Step 1: Remediate Base Vulnerabilities via BYOM Rebuilds
Update your model requirements file (requirements.txt) to replace older packages with ray[serve]==2.52.0 or higher. Rebuild and push the custom Docker container image.
ray[serve]==2.52.0This updates the internal runtime environment, resolves CVE-2025-62593, and introduces the necessary authentication infrastructure to mitigate CVE-2023-48022.
Step 2: Align Resource Commands inside the RayCluster Custom Resource
Modify your RayCluster deployment manifest to ensure that the core parameters are explicitly specified, preventing the scheduling engine from falling back to zero-allocation defaults.
kubectl edit raycluster <ray-cluster-name> -n <fusion-namespace>Update the configuration fields under the head pod definition to match the resource shapes expected by your workloads:
spec:
headGroupSpec:
rayStartParams:
num-cpus: "4"
memory: "8589934592"
workerGroupSpecs:
- replicas: 2
minReplicas: 2
maxReplicas: 4
rayStartParams:
num-cpus: "4"
memory: "8589934592"Ensure that the environmental template variable KUBERAY_GEN_RAY_START_CMD is configured so that worker params are generated uniformly alongside the head.
Step 3: Handle or Filter Autoscaler Logging Noise
If the resource allocations are balanced across all layers (Kubernetes pod limits, RayCluster parameters, and your model job configurations) but the autoscaler warnings continue to trigger during scale-up phases, this is benign logging noise caused by upstream orchestration delays (Ray community issue #59151).

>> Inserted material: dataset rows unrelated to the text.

Lemma hall_condition_drop_edge d G i0 j0 :
    hall_condition d G -> 0 < d i0 ->
    (forall T, i0 \notin T -> 0 < \sum_(i in T) d i -> \sum_(i in T) d i < #|nbh G T|) ->
  hall_condition (fun i => d i - (i == i0)) (restrict_cols G (~: [set j0])).
Proof.
move=> hallG di0 slack T.
have delta : \sum_(i in T) (i == i0 : nat) = (i0 \in T).
  case: (boolP (i0 \in T)) => [i0T|i0T].
    by rewrite (bigD1 i0) //= eqxx big1 // => i /andP[_ /negbTE ->].
  by rewrite big1 // => i iT; case: eqVneq iT => // ->; rewrite (negbTE i0T).
have sumT : \sum_(i in T) d i = \sum_(i in T) (d i - (i == i0)) + (i0 \in T).
  rewrite -delta -big_split /=; apply: eq_bigr => i _; rewrite subnK //.
  by case: eqVneq => // ->.
have cover : nbh G T \subset j0 |: nbh (restrict_cols G (~: [set j0])) T.
  apply/subsetP => j jN; rewrite in_setU1; case: eqVneq => //= jj0.
  by apply: (subsetP (nbh_restrict_cols _ _ _)); rewrite in_setI jN in_setC1 jj0.
have := leq_trans (subset_leq_card cover) (leq_card_setU _ _); rewrite cards1.
have := hallG T; case: (boolP (i0 \in T)) => [i0T|i0T] in sumT *; first lia.
have [|pos] := posnP (\sum_(i in T) d i); first lia.
by have := slack T i0T pos; lia.
Qed.

Lemma sat_matching_split d d1 d2 G S :
    (forall i, d i = d1 i + d2 i) ->
    (exists2 F1 : {set I * J}, F1 \subset restrict_cols G S & sat_matching d1 F1) ->
    (exists2 F2 : {set I * J}, F2 \subset restrict_cols G (~: S) & sat_matching d2 F2) ->
  exists2 F : {set I * J}, F \subset G & sat_matching d F.
Proof.
move=> dD [F1 sF1 mF1] [F2 sF2 mF2]; exists (F1 :|: F2).
  by rewrite subUset (subset_trans sF1 (subsetIl _ _)) (subset_trans sF2 (subsetIl _ _)).
exact: sat_matchingU dD (subset_trans sF1 (subsetIr _ _)) (subset_trans sF2 (subsetIr _ _)) mF1 mF2.
Qed.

Use one of the two strategies below to manage the alerts:
Option A: Inject the Fast-Exit Configuration Flag
To force Ray to fast-fail or cleanly evaluate resource limitations instead of maintaining active task queues during autoscaling shifts, add the following property within your cluster configuration map environment scope:
env:
- name: RAY_enable_infeasible_task_early_exit
value: "true"Note that in highly dynamic environments that scale to zero replicas, this can occasionally cause short-term request errors during fresh pod scheduling windows rather than letting the tasks wait.
Option B: Establish Log Ingestion Filters
Since the warnings do not cause runtime task degradation, model serving timeouts, or pod crashes when physical hardware limits are sufficient, configure your logging ingestion patterns (e.g., Fluentd, Logstash, Datadog) to drop strings originating from gcs_autoscaler_state_manager.cc that match the infeasible request criteria.